Are CNN and Fox News Really Biased? A Machine Learning Study.

Dhruv Mangtani
The Startup
Published in
5 min readJul 22, 2020

--

According to statistics, the answer is no, and here’s why.

About a year ago, I was scrolling through Twitter and reading some replies to a CNN tweet. As you would expect, it was full of people referring to the media conglomerate as “fake news” and pointing out details in the way CNN chose to frame that specific story. And to some extent, you really can’t dismiss their claims. Perhaps Fox News, CNN, and the “mainstream media” don’t purposefully publish outright fake information, but that isn’t a great standard to hold them at. When millions of Americans vote based on what they read online, the media is partially responsible for popular representation in our democracy. When exaggeratory clickbait drives the headlines of even the most prestigious news organizations (e.g. the New York Times), we are right to tweet back at them.

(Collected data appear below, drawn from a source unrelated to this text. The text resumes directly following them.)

Lemma trace_filter_is_filter C G :
  is_filter v C -> D0 v G -> (forall E, C E -> exists x, E x /\ G x) ->
  is_filter v (trace_filter C G).
Proof.
  intros [[E0 HE0] [_ [HI _]]] HG Hmeet; split; [|split; [|split]].
  - exists G; split; [easy |]. exists E0; split; [easy | intros x []; easy].
  - now intros K [].
  - intros K1 K2 [HK1 [E1 [HE1 H1]]] [HK2 [E2 [HE2 H2]]].
    destruct (Hmeet _ (HI _ _ HE1 HE2)) as [x [[Ex1 Ex2] Gx]].
    split.
    + apply D0_inter; auto. exists x; split; [apply H1 | apply H2]; auto.
    + exists (fun x => E1 x /\ E2 x); split; [auto |].
      intros y [[? ?] ?]; split; [apply H1 | apply H2]; auto.
  - intros K K' [_ [E [HE H]]] HK' Hsub; split; [easy |].
    exists E; split; [easy | intros x Hx; apply Hsub, H, Hx].
Qed.

Lemma maximal_filter_separates C G :
  maximal_filter v C -> D0 v G -> ~ C G ->
  exists E, C E /\ forall x, E x -> ~ G x.
Proof.
  intros [HC Hmax] HG HnG; apply NNPP; intros Hno.
  assert (Hmeet : forall E, C E -> exists x, E x /\ G x).
  { intros E HE; apply NNPP; intros Hdisj.
    apply Hno; exists E; split; [easy |]; intros x Ex Gx; eauto. }
  pose proof HC as [[E0 HE0] [HD _]].
  assert (HCtrace : fam_incl C (trace_filter C G)).
  { intros E HE; split; [auto |]. exists E; split; [easy | intros x []; easy]. }
  apply HnG, (Hmax _ (trace_filter_is_filter C G HC HG Hmeet) HCtrace).
  split; [easy |]. exists E0; split; [easy | intros x []; easy].
Qed.

Lemma maximal_filter_in_star C : maximal_filter v C -> in_star v C.
Proof.
  intros HM; split; [apply HM |].
  pose proof HM as [[_ [HD [HI _]]] _].
  induction F as [|G F IH]; intros HDF HnF [E [HE Hcov]].
  - destruct (HD E HE) as [_ [x Ex]].
    destruct (Hcov x Ex) as [G [[] _]].
  - destruct (maximal_filter_separates C G HM) as [EG [HEG HEGn]];
      [apply HDF; now left | apply HnF; now left |].
    apply IH; [intros; apply HDF; now right | intros; apply HnF; now right |].
    exists (fun x => E x /\ EG x); split; [auto |].
    intros x [Ex EGx]; destruct (Hcov x Ex) as [G' [[<- | HG'] G'x]].
    + now destruct (HEGn x EGx).
    + eauto.
Qed.

Definition point_filter (x0 : Mor L) : (Mor L -> Prop) -> Prop :=
  fun E => D0 v E /\ E x0.

Lemma point_filter_in_star x0 : rng x0 = v -> in_star v (point_filter x0).
Proof.
  intros Hx0; split; [split; [|split; [|split]] |].
  - set (l := (idm v, idm v) :: nil).
    assert (Hdom : forall x, rng x = v -> zz_dom l x).
    { intros x Hx; exists x, x; unfold pair_rel; rewrite src_idm; split; [easy |].
      now rewrite Hx, <- Hx, comp_idl. }
    exists (zz_dom l); repeat split; eauto.
    exists l; split; [simpl; now rewrite rng_idm, src_idm | easy].
  - now intros E [].
  - intros E F [HE Ex0] [HF Fx0]; split; [apply D0_inter; eauto | easy].
  - intros E F [_ Ex0] HF Hsub; split; auto.
  - intros F HDF HnF [E [[_ Ex0] Hcov]].
    destruct (Hcov x0 Ex0) as [G [HG Gx0]].
    apply (HnF G HG); split; auto.
Qed.

Definition is_chain (S : ((Mor L -> Prop) -> Prop) -> Prop) : Prop :=
  forall C1 C2, S C1 -> S C2 -> fam_incl C1 C2 \/ fam_incl C2 C1.

Definition chain_union (S : ((Mor L -> Prop) -> Prop) -> Prop) : (Mor L -> Prop) -> Prop :=
  fun E => exists C, S C /\ C E.

Lemma chain_union_is_filter S :
  (exists C, S C) -> (forall C, S C -> is_filter v C) -> is_chain S ->
  is_filter v (chain_union S).
Proof.
  intros [C0 HC0] HS Hchain; split; [|split; [|split]].
  - destruct (HS C0 HC0) as [[E HE] _]; exists E, C0; auto.
  - intros E [C [HC HE]]; now apply (HS C HC).
  - intros E F [C1 [HC1 HE]] [C2 [HC2 HF]].
    destruct (Hchain C1 C2 HC1 HC2) as [H12 | H21].
    + exists C2; split; [easy |]; apply (HS C2 HC2); auto.
    + exists C1; split; [easy |]; apply (HS C1 HC1); auto.
  - intros E F [C [HC HE]] HF Hsub.
    exists C; split; [easy |]; now apply (HS C HC) with E.
Qed.

Lemma chain_union_in_star S :
  (exists C, S C) -> (forall C, S C -> in_star v C) -> is_chain S ->
  in_star v (chain_union S).
Proof.
  intros Hne HS Hchain; split.
  - apply chain_union_is_filter; [| apply HS |]; auto.
  - intros F HDF HnF [E [[C [HC HE]] Hcov]].
    apply (proj2 (HS C HC) F HDF); [| now exists E].
    intros G HG HCG; apply (HnF G HG); now exists C.
Qed.

Lemma chain_bounded_in_star S :
  (forall C, S C -> in_star v C) -> is_chain S ->
  exists U, in_star v U /\ forall C, S C -> fam_incl C U.
Proof.
  intros HS Hchain.
  destruct (classic (exists C, S C)) as [Hne | Hempty].
  - exists (chain_union S); split; [now apply chain_union_in_star |].
    intros C HC E HE; now exists C.
  - exists (point_filter (idm v)); split; [apply point_filter_in_star, rng_idm |].
    intros C HC; destruct Hempty; eauto.
Qed.

Lemma filter_extends_to_maximal C :
  is_filter v C -> exists M, maximal_filter v M /\ fam_incl C M.
Proof.
  intros HC.
  set (T := { M | is_filter v M /\ fam_incl C M }).
  set (R := fun s t : T => boolp.asbool (fam_incl (proj1_sig s) (proj1_sig t))).
  assert (HR : forall s t : T, R s t = true <-> fam_incl (proj1_sig s) (proj1_sig t)).
  { intros s t; split; [apply (ssrbool.elimT (boolp.asboolP _)) |
                        apply (ssrbool.introT (boolp.asboolP _))]. }
  assert (t0 : T) by (exists C; split; [easy | now intros E]).
  destruct (classical_sets.ZL_preorder t0 (R := R)) as [t Ht].
  - intros s; apply HR; now intros E.
  - intros r s t Hrs Hst; apply HR; apply HR in Hrs, Hst; intros E HE; auto.
  - intros A HA.
    (* [C] itself is added so that an empty chain also has a filter as upper bound. *)
    set (S := fun M => M = C \/ exists s, A s /\ proj1_sig s = M).
    assert (HS : is_filter v (chain_union S) /\ fam_incl C (chain_union S)).
    { split; [apply chain_union_is_filter |].
      - exists C; now left.
      - intros M [-> | [s [_ <-]]]; [easy | apply (proj2_sig s)].
      - intros M1 M2 [-> | [s1 [HA1 <-]]] [-> | [s2 [HA2 <-]]].
        + left; now intros E.
        + left; apply (proj2_sig s2).
        + right; apply (proj2_sig s1).
        + destruct (HA s1 s2 HA1 HA2); [left | right]; now apply HR.
      - intros E HE; exists C; split; [now left | easy]. }
    exists (exist _ (chain_union S) HS : T); intros s Hs; apply HR; simpl.
    intros E HE; exists (proj1_sig s); split; [right; eauto | easy].
  - destruct (proj2_sig t) as [Hfilter Hincl].
    exists (proj1_sig t); split; [split; [easy |] | easy].
    intros N HN HtN.
    assert (HN' : is_filter v N /\ fam_incl C N)
      by (split; [easy | intros E HE; apply HtN, Hincl, HE]).
    set (tN := exist _ N HN' : T).
    apply (HR tN t), (Ht tN), (HR t tN), HtN.
Qed.

Lemma maximal_in_star_maximal_filter C : maximal_in_star v C -> maximal_filter v C.
Proof.
  intros [HC Hmax]; split; [apply HC |].
  intros C' HC' HCC'.
  destruct (filter_extends_to_maximal C' HC') as [M [HM HC'M]].
  intros E HE; apply (Hmax M (maximal_filter_in_star M HM)); auto.
  intros E' HE'; auto.
Qed.

End Filters.

Theorem mainTheorem10 (L : Cat) (HL : left_cancellative L) (v : Obj L) :
  (forall C, maximal_filter v C -> in_star v C) /\
  (forall S : ((Mor L -> Prop) -> Prop) -> Prop,
     (forall C, S C -> in_star v C) ->
     (forall C1 C2, S C1 -> S C2 -> fam_incl C1 C2 \/ fam_incl C2 C1) ->
     exists U, in_star v U /\ forall C, S C -> fam_incl C U) /\
  (forall C, maximal_in_star v C -> maximal_filter v C).
Proof.
  split; [| split].
  - exact (maximal_filter_in_star L HL v).
  - exact (chain_bounded_in_star L HL v).
  - exact (maximal_in_star_maximal_filter L HL v).
Qed.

So this begs the question: are CNN and Fox News lying to me when they say an article is not an editorial/op-ed? Who can I actually trust for reliable information, and through what medium?

A Look at the BLUFFNet Algorithm

Before I go into my results, I want to give you a sense of how they were created. At the core of any machine learning algorithm or statistical analysis is data, with the caveat that the data usually must be annotated. In Natural Language Processing terms, the machine learning task at hand is known as Subjectivity Analysis (similar to Sentiment Analysis): identifying sentences that represent the author’s opinion. Unfortunately, labelled news–article–specific data for this task is quite scarce; the best dataset I could find is the MPQA corpus, containing a total of ~11,000 sentences from 692 articles.

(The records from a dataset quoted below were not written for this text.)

(* affine reflection s_{a,m} acting (contragrediently) on X^:
   s_{a,m}(lam,k) = (lam - <lam,a^v> a, k - m <lam,a^v>)
                  = (lam,k) - <lam,a^v> (a + m delta).   *)
Definition saff n (a av : 'rV[rat]_n) (m : rat) (x : hat n) : hat n :=
  (x.1 - pair x.1 av *: a, x.2 - m * pair x.1 av).

(* the simple affine reflections: Some i = s_{alpha_i,0}, None = s_{gamma,1} *)
Definition Shat n := option 'I_n.

Section Affine.
Variables (n : nat) (cor : 'rV[rat]_n -> 'rV[rat]_n)
  (simple : 'I_n -> 'rV[rat]_n) (g : 'rV[rat]_n) (T : idomainType).

Definition sact (s : Shat n) : hat n -> hat n :=
  match s with
  | Some i => saff (simple i) (cor (simple i)) 0
  | None => saff g (cor g) 1
  end.

Definition sroot (s : Shat n) : hat n :=
  match s with
  | Some i => (simple i, 0)
  | None => (- g + (delta n).1, (delta n).2)
  end.

(* coordinates of (lam,k) in X^ = X (+) Z w.r.t. the Z-basis
   (delta-coordinate, fundamental weights): index 0 = Z-part k,
   index i+1 = <lam, alpha_i^v>.  *)
Definition hcoord (x : hat n) (j : 'I_n.+1) : rat :=
  if unlift ord0 j is Some i then pair x.1 (cor (simple i)) else x.2.

(* x (x) 1 in X^ (x) T = T^(n+1) *)
Definition tens1 (x : hat n) : 'rV[T]_n.+1 :=
  \row_j ((numq (hcoord x j))%:~R : T).

(* S_T = Sym(X^ (x) T) = T[x_0,...,x_n]; its grading puts the x_j in degree 2 *)
Definition ST := {mpoly T[n.+1]}.

Definition sym1 (x : hat n) : ST := \sum_j tens1 x 0 j *: 'X_j.

Definition homogST (d : nat) (p : ST) : bool :=
  if odd d then p == 0 else p \is (d./2).-homog.

(* (+)_{sigma in I(s)} S_T for s of length l; I(s) = subsets of {1..l},
   realised as {set 'I_l} (index i : 'I_l stands for i+1) *)
Definition Mod (l : nat) := {ffun {set 'I_l} -> ST}.

Definition smul l (p : ST) (z : Mod l) : Mod l := [ffun σ => p * z σ].

(* ev(i_1 < ... < i_k) = s_{i_1} ... s_{i_k}, as a map on X^ *)
Definition ev (s : seq (Shat n)) l (σ : {set 'I_l}) : hat n -> hat n :=
  foldr (fun i : 'I_l => fun f => sact (nth None s (val i)) \o f) id [seq i <- enum 'I_l | i \in σ].

(* Delta(z)_gamma = Delta(z)_{gamma s_l} = z_gamma *)
Definition Delta l (z : Mod l) : Mod l.+1 :=
  [ffun σ : {set 'I_l.+1} => z [set i : 'I_l | widen_ord (leqnSn l) i \in σ]].

Definition cmul (s : seq (Shat n)) l (lam : hat n) (z : Mod l) : Mod l :=
  [ffun σ => sym1 (ev s σ lam) * z σ].

(* XT s l z  <->  z lies in X_T((s_1,...,s_l)), where s_i = nth None s (i-1) *)
Fixpoint XT (s : seq (Shat n)) (l : nat) : Mod l -> Prop :=
  match l as l0 return Mod l0 -> Prop with
  | 0 => fun _ => True
  | l'.+1 => fun z => exists z1 z2 : Mod l',
      [/\ XT s z1, XT s z2 &
          z = Delta z1 + cmul s (sroot (nth None s l')) (Delta z2)]
  end.

End Affine.

From HB Require Import structures.
From mathcomp Require Import all_boot all_order all_algebra.
From mathcomp Require Import mpoly.
Import Order.TTheory GRing.Theory Num.Theory.
Local Open Scope ring_scope.
Set Implicit Arguments. Unset Strict Implicit.

(* A vector of the form Delta z takes the same value at sigma and at
   sigma + {l}, whereas ev(sigma + {l}) alpha_l = ev(sigma) (s_l alpha_l)
   = - ev(sigma) alpha_l because s_l reflects its own simple affine root.
   Comparing these two components of Delta z1 + c^alpha_l (Delta z2) = 0 gives
   2 z1 = 0 and a z2 = 0, where a = ev(sigma) alpha_l (x) 1 is nonzero since
   ev(sigma) alpha_l is again an affine root.  So (z1, z2) |-> Delta z1 +
   c^alpha_l (Delta z2) is injective, and iterating it from the unit vector
   of S_T gives a homogeneous basis of X_T(s) indexed by bit strings of
   length l, the vector of a string with k ones having degree 2k. *)

Lemma pairNl n (x y : 'rV[rat]_n) : pair (- x) y = - pair x y.
Proof. by rewrite /pair -sumrN; apply: eq_bigr => i _; rewrite mxE mulNr. Qed.

Lemma saffN n (a av : 'rV[rat]_n) m (x : hat n) : saff a av m (- x) = - saff a av m x.
Proof. by rewrite /saff; congr (_, _) => /=; rewrite pairNl ?scaleNr ?mulrN opprD. Qed.

Lemma foldr_comp_id (I A : Type) (F : I -> A -> A) (h : A -> A) (r : seq I) :
  foldr (fun i f => F i \o f) h r =1 foldr (fun i f => F i \o f) id r \o h.
Proof. by elim: r => //= i r IH x; congr (F i _); exact: IH. Qed.

Lemma mpoly_addrr_eq0 k (T : nzRingType) (p : {mpoly T[k]}) :
  (forall x : T, 2%:R * x = 0 -> x = 0) -> p + p = 0 -> p = 0.
Proof.
move=> two_reg pp0; apply/mpolyP => m; rewrite mcoeff0; apply: two_reg.
by rewrite mulr_natl mulr2n -mcoeffD pp0 mcoeff0.
Qed.

Lemma mcoeff_sumZX k (T : nzRingType) (v : 'rV[T]_k) j :
  (\sum_i v 0 i *: 'X_i : {mpoly T[k]})@_U_(j) = v 0 j.
Proof.
rewrite raddf_sum (bigD1 j) //= big1 ?addr0 => [|i /negbTE neq_ij].
  by rewrite mcoeffZ mcoeffXU eqxx mulr1.
by rewrite mcoeffZ mcoeffXU neq_ij mulr0.
Qed.

Lemma sumZX_homog k (T : nzRingType) (v : 'rV[T]_k) :
  (\sum_i v 0 i *: 'X_i : {mpoly T[k]}) \is 1.-homog.
Proof.
apply: rpred_sum => j _; apply: rpredZ.
by rewrite (dhomogX T mdeg 1 U_(j)); apply/eqP/mdeg1.
Qed.

Fixpoint basis_index (l : nat) : finType :=
  match l with 0 => unit | l'.+1 => Finite.clone (basis_index l' * bool)%type _ end.

Fixpoint basis_deg (l : nat) : basis_index l -> nat :=
  match l return basis_index l -> nat with
  | 0 => fun _ => 0%N
  | l'.+1 => fun j => (basis_deg j.1 + j.2)%N
  end.

Lemma big_basis_indexS l (V : nmodType) (F : basis_index l.+1 -> V) :
  \sum_j F j = \sum_(i : basis_index l) (F (i, true) + F (i, false)).
Proof.
transitivity (\sum_(i : basis_index l) \sum_(b : bool) F (i, b)).
  by rewrite pair_bigA; apply: eq_bigr => -[].
by apply: eq_bigr => i _; rewrite big_bool.
Qed.

Lemma big_unit (V : nmodType) (F : unit -> V) : \sum_(j : unit) F j = F tt.
Proof. by rewrite (big_pred1 tt) //; case. Qed.

Lemma card_basis_deg l k : #|[pred i : basis_index l | basis_deg i == k]| = 'C(l, k).
Proof.
rewrite -sum1_card big_mkcond /=.
elim: l k => [|l IH] k; first by rewrite big_unit bin0n eq_sym; case: k.
rewrite big_basis_indexS big_split /=; case: k => [|k].
  rewrite big1 ?add0n => [|i _]; last by rewrite inE addn1.
  have -> : 'C(l.+1, 0) = 'C(l, 0) by rewrite !bin0.
  by rewrite -IH; apply: eq_bigr => i _; rewrite !inE addn0.
rewrite binS -!IH addnC.
by congr (_ + _)%N; apply: eq_bigr => i _; rewrite !inE ?addn1 ?addn0 ?eqSS.
Qed.

Section AffineFiltration.
Variables (n : nat) (R : seq 'rV[rat]_n) (cor : 'rV[rat]_n -> 'rV[rat]_n)
  (simple : 'I_n -> 'rV[rat]_n) (g : 'rV[rat]_n) (T : idomainType)
  (s : seq (Shat n)).

Definition affine_root (x : hat n) := x.1 \in R /\ exists m : int, x.2 = m%:~R.

Hypotheses (HR : is_root_system R cor) (Hb : is_base R simple)
  (Hg : is_highest R simple g).
Hypothesis two_reg : forall x : T, 2%:R * x = 0 -> x = 0.
Hypothesis tens1_affine_root : forall x, affine_root x -> tens1 cor simple T x != 0.

Local Notation sact := (sact cor simple g).
Local Notation sroot := (sroot simple g).
Local Notation ev := (ev cor simple g s).
Local Notation sym1 := (sym1 cor simple T).
Local Notation cmul := (cmul cor simple g s).
Local Notation XT := (XT cor simple g s).
Local Notation Mod := (Mod n T).
Local Notation alpha l := (sroot (nth None s l)).

Lemma sactN o x : sact o (- x) = - sact o x.
Proof. by case: o => [i|]; rewrite /= saffN. Qed.

Lemma evN l (σ : {set 'I_l}) x : ev σ (- x) = - ev σ x.
Proof. by rewrite /ev; elim: [seq _ <- _ | _] => //= i r ->; rewrite sactN. Qed.

Lemma ev_setU1_max l (τ : {set 'I_l.+1}) x : ord_max \notin τ ->
  ev (ord_max |: τ) x = ev τ (sact (nth None s l) x).
Proof.
move=> maxNτ; rewrite /ev enum_ordSr !filter_rcons setU11 (negbTE maxNτ).
rewrite foldr_rcons foldr_comp_id; congr (foldr _ _ _ _).
apply: eq_in_filter => _ /mapP [i _ ->]; rewrite !inE.
by rewrite -val_eqE /= ltn_eqF.
Qed.

Lemma sact_sroot o : sact o (sroot o) = - sroot o.
Proof.
case: HR => _ _ pair_cor _ _; case: Hb => simpleR _ _; case: Hg => gR _.
case: o => [i|] /=; rewrite /saff /delta /=; congr (_, _).
- by rewrite pair_cor // scaler_nat mulr2n opprD addrA subrr add0r.
- by rewrite mul0r subrr oppr0.
- by rewrite addr0 pairNl pair_cor // scaleNr !opprK scaler_nat mulr2n addrA addNr add0r.
- by rewrite addr0 pairNl pair_cor // mul1r !opprK.
Qed.

Lemma affine_root_sact o x : affine_root x -> affine_root (sact o x).
Proof.
case: HR => _ _ _ reflR pair_int; case: Hb => simpleR _ _; case: Hg => gR _.
case=> xR [m xm]; case: o => [i|] /=; rewrite /saff /=; split.
- exact: reflR.
- by exists m; rewrite mul0r subr0.
- exact: reflR.
- exists (m - numq (pair x.1 (cor g))).
  by rewrite mul1r xm mulrzBr [in RHS]numqE pair_int // mulr1.
Qed.

Lemma affine_root_sroot o : affine_root (sroot o).
Proof.
case: HR => _ _ pair_cor reflR _; case: Hb => simpleR _ _; case: Hg => gR _.
case: o => [i|]; split; rewrite /= ?addr0;
  [exact: simpleR | by exists 0 | | by exists (-1)].
have := reflR _ _ gR gR.
by rewrite /refl pair_cor // scaler_nat mulr2n opprD addrA subrr add0r.
Qed.

Lemma affine_root_ev l (σ : {set 'I_l}) x : affine_root x -> affine_root (ev σ x).
Proof.
move=> rx; rewrite /ev.
by elim: [seq _ <- _ | _] => //= i r IH; apply: affine_root_sact.
Qed.

Lemma sym1N x : sym1 (- x) = - sym1 x.
Proof.
rewrite /sym1 -sumrN; apply: eq_bigr => j _; rewrite -scaleNr !mxE /hcoord /=.
by case: (unlift ord0 j) => [i|]; rewrite ?pairNl numqN mulrNz.
Qed.

Lemma sym1_ev_alpha_neq0 k l (σ : {set 'I_l}) : sym1 (ev σ (alpha k)) != 0.
Proof.
have alpha_root := affine_root_ev σ (affine_root_sroot (nth None s k)).
apply: contraNneq (tens1_affine_root alpha_root) => sym1_0; apply/eqP/rowP => j.
have := congr1 (mcoeff U_(j)) sym1_0.
by rewrite mcoeff0 mcoeff_sumZX => ->; rewrite mxE.
Qed.

Local Notation widen := (widen_ord (leqnSn _)).

Lemma widen_inj l : injective (widen : 'I_l -> 'I_l.+1).
Proof. by move=> i j /(congr1 val) /= /val_inj. Qed.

These sentences are converted into vectors of numbers which are then fed into a machine learning model, a neural network. Neural networks have the benefit of being able to learn complex patterns from complex data types, namely natural language. The numbers in these vectors represent the grammatical structure of a sentence as well as identify relevant keywords such as “amazing”, “evil”, or “factual”. By creating patterns from the MPQA sentences with these vectors, we are well equipped to classify unseen sentences as subjective or objective.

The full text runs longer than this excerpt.